Doesn’t make any sense. You may need to cleanup any *.pyc files and restart Galaxy. If anything it should fail at line 52.

That makes sense as it’s the correct path according to the galaxy build. I restarted the galaxy and it cleared the error… Sort of:

galaxy.jobs.runners.cli DEBUG 2019-03-01 14:44:06,175 (498) submitting file: /Dedicated/clingalproddata/database/jobs_directory/000/498/galaxy_498.sh
galaxy.jobs.runners.cli DEBUG 2019-03-01 14:44:06,284 (498) submission failed (stdout): , retrying in 10 seconds
galaxy.jobs.runners.cli DEBUG 2019-03-01 14:44:06,284 (498) submission failed (stderr): /bin/sh: qsub: command not found

I can literally run qstat and qsub from a terminal as the galaxy user in /bin/sh… am I missing something in job_conf.xml or possibly not passing my env to the cli runner? I will do some digging, however it looks like your merge has worked to fix the documented issue.

I think the Popen inherits the starting processes’ environment, if you’re using supervisor to start Galaxy you may need to add the PATH to the environment line. If however qsub is in a standard location that shouldn’t be necessary (/usr/bin, likely /usr/local/bin as well) and work out of the box.
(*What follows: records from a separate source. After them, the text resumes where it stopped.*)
(* Let $T\ge 3$ and consider the dynamic panel logit AR(1) model: binary outcomes $Y_0,Y_1,\dots,Y_T\in\{0,1\}$, regressors $X=(X_1,\dots,X_T)\in\mathbb{R}^{K\times T}$, fixed effect $A\in\mathbb{R}$, with, for $t\in\{1,\dots,T\}$, $$\Pr(Y_t=1\mid Y_0,\dots,Y_{t-1},X,A)=\frac{\exp(X_t'\beta_0+Y_{t-1}\gamma_0+A)}{1+\exp(X_t'\beta_0+Y_{t-1}\gamma_0+A)}.$$ For $y_0\in\{0,1\}$, $y=(y_1,\dots,y_T)\in\{0,1\}^T$, $x\in\mathbb{R}^{K\times T}$, $\beta\in\mathbb{R}^K$, $\gamma\in\mathbb{R}$ let $z_t=x_t'\beta+y_{t-1}\gamma$ and $z_{ts}=z_t-z_s$. For $t<s<r$ in $\{1,\dots,T\}$ define $$m^{(a)(t,s,r)}_{y_0}(y,x,\beta,\gamma)=\begin{cases}\exp(z_{ts})&(y_t,y_s,y_r)=(0,1,0),\\ \exp(z_{tr})&(y_t,y_s,y_r)=(0,1,1),\\ -1&(y_t,y_s)=(1,0),\\ \exp(z_{rs})-1&(y_t,y_s,y_r)=(1,1,0),\\0&\text{otherwise},\end{cases}$$ $$m^{(b)(t,s,r)}_{y_0}(y,x,\beta,\gamma)=\begin{cases}\exp(z_{sr})-1&(y_t,y_s,y_r)=(0,0,1),\\ -1&(y_t,y_s)=(0,1),\\ \exp(z_{rt})&(y_t,y_s,y_r)=(1,0,0),\\ \exp(z_{st})&(y_t,y_s,y_r)=(1,0,1),\\0&\text{otherwise}.\end{cases}$$ Then for all $t<s<r$ in $\{1,\dots,T\}$, all $y_0\in\{0,1\}$, $x\in\mathbb{R}^{K\times T}$, $\alpha\in\mathbb{R}$ and all functions $w:\{0,1\}^{t-1}\to\mathbb{R}$, $$\mathbb{E}\big[w(Y_1,\dots,Y_{t-1})\,m^{(a)(t,s,r)}_{y_0}(Y,X,\beta_0,\gamma_0)\mid Y_0=y_0,X=x,A=\alpha\big]=0,$$ $$\mathbb{E}\big[w(Y_1,\dots,Y_{t-1})\,m^{(b)(t,s,r)}_{y_0}(Y,X,\beta_0,\gamma_0)\mid Y_0=y_0,X=x,A=\alpha\big]=0,$$ where $Y=(Y_1,\dots,Y_T)$.
   Context: The joint distribution of $(Y_0,X,A)$ is unrestricted; only the conditional law of $(Y_1,\dots,Y_T)$ given $(Y_0,X,A)$ is specified by the logit model. Note $z_t$ depends on $y_{t-1}$ (with $y_0$ the initial condition). For $t=1$, $w$ is a constant. *)

From HB Require Import structures.
From mathcomp Require Import all_boot all_order all_algebra.
From mathcomp Require Import reals sequences exp.
Set Implicit Arguments. Unset Strict Implicit. Unset Printing Implicit Defensive.
Import Order.TTheory GRing.Theory Num.Theory.
Local Open Scope ring_scope.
meh… The PATH to qsub is in the environment for the handlers but not on everything in the conf file. could that be the issue? I am also wondering if running standard uWSGI rather than what Galaxy provides in the .venv is contributing to my complications. Zerglings… I inherited the system that way…
See below:

[program:zergpool]
command         = uwsgi --plugin zergpool --master --zerg-pool /var/tmp/zergpool.sock:127.0.0.1:4001 --logto /var/log/galaxy/zergpool.log
directory       = /Dedicated/clingalaxyprod
priority        = 899
umask           = 022
autostart       = true
autorestart     = true
startsecs       = 5
user            = svc-clingalprod
environment     = HOME="/Dedicated/clingalaxyprod",VIRTUAL_ENV="/Dedicated/clingalaxyprod/.venv",PATH="/Dedicated/clingalaxyprod/.venv/bin:%(ENV_PATH)s"
numprocs        = 1
stopsignal      = INT

[program:zergling0]
command         = uwsgi --plugin python --virtualenv /Dedicated/clingalaxyprod/.venv --ini-paste /Dedicated/clingalaxyprod/config/galaxy.ini --stats 127.0.0.1:9190 --logto /var/log/galaxy/zergling0.log
directory       = /Dedicated/clingalaxyprod
priority        = 999
umask           = 022
autostart       = true
autorestart     = unexpected
startsecs       = 15
user            = svc-clingalprod
environment     = HOME="/Dedicated/clingalaxyprod",VIRTUAL_ENV="/Dedicated/clingalaxyprod/.venv",PATH="/Dedicated/clingalaxyprod/.venv/bin:%(ENV_PATH)s"
stopsignal      = INT

[program:zergling1]
command         = uwsgi --plugin python --virtualenv /Dedicated/clingalaxyprod/.venv --ini-paste /Dedicated/clingalaxyprod/config/galaxy.ini --stats 127.0.0.1:9191 --logto /var/log/galaxy/zergling1.log
directory       = /Dedicated/clingalaxyprod
priority        = 999
umask           = 022
autostart       = false
autorestart     = unexpected
startsecs       = 15
user            = svc-clingalprod
environment     = HOME="/Dedicated/clingalaxyprod",VIRTUAL_ENV="/Dedicated/clingalaxyprod/.venv",PATH="/Dedicated/clingalaxyprod/.venv/bin:%(ENV_PATH)s"
stopsignal      = INT

[program:handler]
command         = python ./scripts/galaxy-main -c /Dedicated/clingalaxyprod/config/galaxy.ini --server-name=handler%(process_num)s --log-file /var/log/galaxy/handler%(process_num)s.log
directory       = /Dedicated/clingalaxyprod
process_name    = handler%(process_num)s
numprocs        = 2
umask           = 022
autostart       = true
autorestart     = true
startsecs       = 10
user            = svc-clingalprod
environment     = VIRTUAL_ENV="/Dedicated/clingalaxyprod/.venv",PATH="/Dedicated/clingalaxyprod/.venv/bin:%(ENV_PATH)s:/opt/sge/bin",DRMAA_LIBRARY_PATH="/opt/sge/lib/lx-amd64/libdrmaa.so",SGE_ROOT="/opt/sge",SGE_ARCH="lx-amd64",DEFAULTMANPATH="/opt/sge/man",MANTYPE="man",SGE_CELL="default",SGE_CLUSTER_NAME="argon",SGE_QMASTER_PORT="6444",SGE_EXECD_PORT="6445",shlib_path_name="LD_LIBRARY_PATH"

[group:gx]
programs = zergpool,zergling0,zergling1,handler

Not sure about what the zerglings are doing, just serving web requests ?
In that case I’d assume they wouldn’t need qsub in PATH, but why not give it a try and see if that changes anything ? If you do change stuff there don’t forget to supervisorctl update, that has bitten me many times in the past.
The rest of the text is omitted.